Work request: In the data that follows, how many lines contain the word "destruct"? Give only that number.

**** Available data ****

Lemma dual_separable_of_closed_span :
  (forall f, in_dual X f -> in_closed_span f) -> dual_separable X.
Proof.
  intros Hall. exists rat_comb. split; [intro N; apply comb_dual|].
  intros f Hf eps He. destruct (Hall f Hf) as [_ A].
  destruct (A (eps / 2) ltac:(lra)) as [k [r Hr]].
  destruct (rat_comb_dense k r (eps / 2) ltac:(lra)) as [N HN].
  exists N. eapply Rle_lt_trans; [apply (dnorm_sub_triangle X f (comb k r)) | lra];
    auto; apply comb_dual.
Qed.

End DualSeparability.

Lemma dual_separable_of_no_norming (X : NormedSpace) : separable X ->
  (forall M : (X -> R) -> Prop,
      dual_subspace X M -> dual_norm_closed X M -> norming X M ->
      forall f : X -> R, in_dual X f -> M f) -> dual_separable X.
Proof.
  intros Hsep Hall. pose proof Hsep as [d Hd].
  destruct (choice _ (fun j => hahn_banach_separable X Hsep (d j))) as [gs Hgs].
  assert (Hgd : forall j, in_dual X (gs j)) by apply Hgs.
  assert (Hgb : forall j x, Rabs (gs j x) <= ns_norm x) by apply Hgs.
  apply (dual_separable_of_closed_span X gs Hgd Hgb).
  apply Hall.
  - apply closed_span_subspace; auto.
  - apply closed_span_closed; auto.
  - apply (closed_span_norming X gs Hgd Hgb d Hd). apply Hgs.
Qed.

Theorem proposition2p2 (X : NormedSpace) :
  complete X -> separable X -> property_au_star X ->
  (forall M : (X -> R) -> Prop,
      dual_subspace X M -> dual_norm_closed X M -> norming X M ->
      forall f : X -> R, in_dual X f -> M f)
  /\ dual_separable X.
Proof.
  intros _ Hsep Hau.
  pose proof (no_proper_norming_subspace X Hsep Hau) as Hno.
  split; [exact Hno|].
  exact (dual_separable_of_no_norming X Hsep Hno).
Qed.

****

Solution to this problem: 4